_Work required_
All lines from the one containing "apply: measurable_funM mg;" through the final line of the entries are to be written out verbatim; no other line is to be included.
*** Provided records Section Begins ***
Lemma measurable_disp : measurable_fun D (disp R).
Proof.
have msin : measurable_fun setT (fun x : measurableTypeR R => sin (x / 2)).
  apply: measurableT_comp; last exact: measurable_funM.
  exact: continuous_measurable_fun (@continuous_sin R).
apply: (measurable_funS (E := setT)) => //; apply: measurable_funM => //.
by repeat apply: measurable_funD; apply: measurable_funX;
  apply: (measurableT_comp msin) => //; repeat apply: measurableT_comp.
Qed.

Let tint_weight_ge0 : 0 <= (2 * pi) ^- 3 :> R.
Proof. by rewrite invr_ge0 exprn_ge0 // mulr_ge0 // pi_ge0. Qed.

Lemma le_tint (f1 f2 : pt3 R -> R) :
  mu.-integrable D (EFin \o f1) -> mu.-integrable D (EFin \o f2) ->
  {ae mu, forall p, D p -> f1 p <= f2 p} -> tint R f1 <= tint R f2.
Proof.
move=> i1 i2 f12; apply: ler_wpM2l => //.
by apply: ae_le_Rintegral => //; exact: measurable_cube3.
Qed.

Lemma tintD (f1 f2 : pt3 R -> R) :
  mu.-integrable D (EFin \o f1) -> mu.-integrable D (EFin \o f2) ->
  tint R (fun p => f1 p + f2 p) = tint R f1 + tint R f2.
Proof.
by move=> i1 i2; rewrite /tint RintegralD ?mulrDr //; exact: measurable_cube3.
Qed.

Lemma tintZl (k : R) (f : pt3 R -> R) : mu.-integrable D (EFin \o f) ->
  tint R (fun p => k * f p) = k * tint R f.
Proof.
move=> fi; rewrite /tint RintegralZl //; first exact: mulrCA.
exact: measurable_cube3.
Qed.

Lemma le_normr_tint (f : pt3 R -> R) : mu.-integrable D (EFin \o f) ->
  `|tint R f| <= tint R (fun p => `|f p|).
Proof.
move=> fi; rewrite /tint normrM ger0_norm //; apply: ler_wpM2l => //.
by apply: le_normr_Rintegral => //; exact: measurable_cube3.
Qed.

End torus_integral.
Arguments le_tint {R f1 f2}.
Arguments tintD {R f1 f2}.
Arguments le_normr_tint {R f}.

Section domain_bounds.
Variables (R : realType) (g a : pt3 R -> R).
Local Notation D := (cube3 R).
Local Notation mu := (leb3 R).
Hypothesis gi : mu.-integrable D (EFin \o g).
Hypothesis ma : measurable_fun D a.
Hypothesis g_ge0 : {ae mu, forall p, D p -> 0 <= g p}.
Hypothesis a_sqr_le : {ae mu, forall p, D p -> a p ^+ 2 <= g p * (1 + g p)}.

Let mD : measurable D := measurable_cube3 R.

Let mg : measurable_fun D g.
Proof. by apply/measurable_EFinP; exact: measurable_int gi. Qed.

Let g1i : mu.-integrable D (EFin \o (fun p => g p + 1)).
Proof.
have := integrableD mD gi (integrable_cube3_cst R 1).
by apply: (eq_integrable mD) => p _; rewrite /= EFinD.
Qed.

Let tint_g1 : tint R (fun p => g p + 1) = tint R g + tint R (fun=> 1).
Proof. exact: tintD gi (integrable_cube3_cst R 1). Qed.

Let ae_domain :
  {ae mu, forall p, D p -> 0 <= g p /\ a p ^+ 2 <= g p * (1 + g p)}.
Proof.
by apply: filterS2 g_ge0 a_sqr_le => p g0 ag Dp; split; [exact: g0 | exact: ag].
Qed.

Lemma tint_ge0 : 0 <= tint R g.
Proof.
have := le_tint (integrable_cube3_cst R 0) gi g_ge0.
by rewrite /tint Rintegral_cst // mul0r mulr0.
Qed.

Lemma entropy_le : entropy R g a <= tint R g + tint R (fun=> 1).
Proof.
have bounds :
    {ae mu, forall p, D p -> 0 <= sdens R (betaf R (g p) (a p)) <= g p + 1}.
  by apply: filterS ae_domain => p h /h[g0 ag]; exact: sdens_betaf_bounds.
have si : mu.-integrable D (EFin \o (fun p => sdens R (betaf R (g p) (a p)))).
  apply: (ae_le_integrable mD (measurable_sdens_betaf mg ma) g1i).
  by apply: filterS bounds => p h /h /andP[s0 s1]; rewrite ger0_norm.
rewrite /entropy -tint_g1; apply: le_tint si g1i _.
by apply: filterS bounds => p h /h /andP[].
Qed.

Lemma normr_tint_le : `|tint R a| <= tint R g + tint R (fun=> 1).
Proof.
have bound : {ae mu, forall p, D p -> `|a p| <= g p + 1}.
  by apply: filterS ae_domain => p h /h[g0 ag]; exact: normr_le_of_sqr_le.
have ai : mu.-integrable D (EFin \o a).
  by apply: (ae_le_integrable mD ma g1i); exact: bound.
have nai : mu.-integrable D (EFin \o (fun p => `|a p|)).
  apply: (ae_le_integrable mD _ g1i); first exact: measurableT_comp ma.
  by apply: filterS bound => p h /h; rewrite normr_id.
by rewrite -tint_g1; apply: le_trans (le_normr_tint ai) (le_tint nai g1i bound).
Qed.

Lemma tint_kinetic_ge (m : R) :
  - m * tint R g <= tint R (fun p => (disp R p - m) * g p).
Proof.
have mgi : mu.-integrable D (EFin \o (fun p => - m * g p)).
  have := integrableZl mD (- m) gi.
  by apply: (eq_integrable mD) => p _; rewrite /= EFinM.
have Cgi : mu.-integrable D (EFin \o (fun p => (12 + `|m|) * `|g p|)).
  have := integrableZl mD (12 + `|m|) (integrable_abse gi).
  by apply: (eq_integrable mD) => p _; rewrite /= EFinM.
have ki : mu.-integrable D (EFin \o (fun p => (disp R p - m) * g p)).
  apply: (ae_le_integrable mD _ Cgi).
    apply: measurable_funM mg; apply: measurable_funB => //.
    exact: measurable_disp.
  apply: aeW => p _; rewrite normrM; apply: ler_wpM2r => //.
  have /andP[d0 d12] := disp_bounds _ p.
  by apply: le_trans (ler_normB _ _) _; rewrite ger0_norm // lerD2r.
rewrite -tintZl //; apply: le_tint mgi ki _.
apply: filterS g_ge0 => p h /h g0; have /andP[d0 _] := disp_bounds _ p.
by apply: ler_wpM2r => //; lra.
Qed.

End domain_bounds.

Theorem proposition3p1 (R : realType) (U mu T : R) (hU : 0 < U) (hT : 0 <= T) :
  exists C : R, forall (g a : pt3 R -> R) (rho0 : R),
    inD R g a rho0 -> C <= Ffun R U mu T g a rho0.
Proof.
pose k := tint R (fun=> 1).
exists (- ((mu + T) ^+ 2 / (4 * U)) - ((mu + U * k) ^+ 2 / (4 * (U / 2)))
  - T * k).
move=> g a rho0 [gi ma g_ge0 a_sqr_le rho0_ge0].
apply: energy_ge => //.
- exact: tint_ge0.
- exact: normr_tint_le.
- exact: entropy_le.
- exact: tint_kinetic_ge.
Qed.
*** Provided records Section Ends ***
_Solution_
    apply: measurable_funM mg; apply: measurable_funB => //.
    exact: measurable_disp.
  apply: aeW => p _; rewrite normrM; apply: ler_wpM2r => //.
  have /andP[d0 d12] := disp_bounds _ p.
  by apply: le_trans (ler_normB _ _) _; rewrite ger0_norm // lerD2r.
rewrite -tintZl //; apply: le_tint mgi ki _.
apply: filterS g_ge0 => p h /h g0; have /andP[d0 _] := disp_bounds _ p.
by apply: ler_wpM2r => //; lra.
Qed.

End domain_bounds.

Theorem proposition3p1 (R : realType) (U mu T : R) (hU : 0 < U) (hT : 0 <= T) :
  exists C : R, forall (g a : pt3 R -> R) (rho0 : R),
    inD R g a rho0 -> C <= Ffun R U mu T g a rho0.
Proof.
pose k := tint R (fun=> 1).
exists (- ((mu + T) ^+ 2 / (4 * U)) - ((mu + U * k) ^+ 2 / (4 * (U / 2)))
  - T * k).
move=> g a rho0 [gi ma g_ge0 a_sqr_le rho0_ge0].
apply: energy_ge => //.
- exact: tint_ge0.
- exact: normr_tint_le.
- exact: entropy_le.
- exact: tint_kinetic_ge.
Qed.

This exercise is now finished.